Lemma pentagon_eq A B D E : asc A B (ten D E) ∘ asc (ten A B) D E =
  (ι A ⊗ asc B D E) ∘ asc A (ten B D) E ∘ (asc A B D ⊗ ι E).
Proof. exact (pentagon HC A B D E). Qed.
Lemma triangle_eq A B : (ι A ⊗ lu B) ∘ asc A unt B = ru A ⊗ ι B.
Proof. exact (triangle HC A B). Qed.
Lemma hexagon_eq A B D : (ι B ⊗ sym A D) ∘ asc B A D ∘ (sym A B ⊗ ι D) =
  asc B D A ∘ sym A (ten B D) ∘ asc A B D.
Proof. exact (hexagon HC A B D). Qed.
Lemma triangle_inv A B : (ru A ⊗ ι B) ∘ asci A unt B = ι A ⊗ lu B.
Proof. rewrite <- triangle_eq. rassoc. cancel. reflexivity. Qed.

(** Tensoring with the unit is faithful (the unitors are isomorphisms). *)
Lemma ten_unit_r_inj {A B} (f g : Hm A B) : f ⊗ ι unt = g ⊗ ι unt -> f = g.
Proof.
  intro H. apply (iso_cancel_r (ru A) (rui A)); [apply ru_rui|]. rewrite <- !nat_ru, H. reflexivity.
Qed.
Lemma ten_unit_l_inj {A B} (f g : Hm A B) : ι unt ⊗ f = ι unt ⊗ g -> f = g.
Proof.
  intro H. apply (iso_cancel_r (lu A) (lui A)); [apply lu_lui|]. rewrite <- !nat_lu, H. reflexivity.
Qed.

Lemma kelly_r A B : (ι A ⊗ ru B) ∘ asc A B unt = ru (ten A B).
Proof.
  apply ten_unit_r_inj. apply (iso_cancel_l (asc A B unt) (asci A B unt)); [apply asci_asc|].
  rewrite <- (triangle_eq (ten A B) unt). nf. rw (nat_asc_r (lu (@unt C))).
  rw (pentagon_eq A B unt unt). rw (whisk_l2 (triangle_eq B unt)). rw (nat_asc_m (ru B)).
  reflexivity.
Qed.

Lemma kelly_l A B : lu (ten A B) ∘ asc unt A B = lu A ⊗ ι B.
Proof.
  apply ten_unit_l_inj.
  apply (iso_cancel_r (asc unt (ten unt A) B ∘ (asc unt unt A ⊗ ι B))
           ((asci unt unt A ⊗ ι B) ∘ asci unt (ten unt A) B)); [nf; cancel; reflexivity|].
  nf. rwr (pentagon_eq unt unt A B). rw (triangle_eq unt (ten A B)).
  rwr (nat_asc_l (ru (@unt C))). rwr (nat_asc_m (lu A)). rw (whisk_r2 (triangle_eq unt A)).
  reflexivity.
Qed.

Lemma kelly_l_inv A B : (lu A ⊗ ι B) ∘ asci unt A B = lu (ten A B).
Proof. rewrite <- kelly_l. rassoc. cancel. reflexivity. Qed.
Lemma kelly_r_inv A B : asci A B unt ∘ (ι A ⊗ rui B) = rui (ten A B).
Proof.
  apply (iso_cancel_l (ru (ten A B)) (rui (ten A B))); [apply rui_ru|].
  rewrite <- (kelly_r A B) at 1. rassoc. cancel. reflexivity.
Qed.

Work required:
Go through the listing above and copy each line where the string "exact" appears.

Result below:
Proof. exact (pentagon HC A B D E). Qed.
Proof. exact (triangle HC A B). Qed.
Proof. exact (hexagon HC A B D). Qed.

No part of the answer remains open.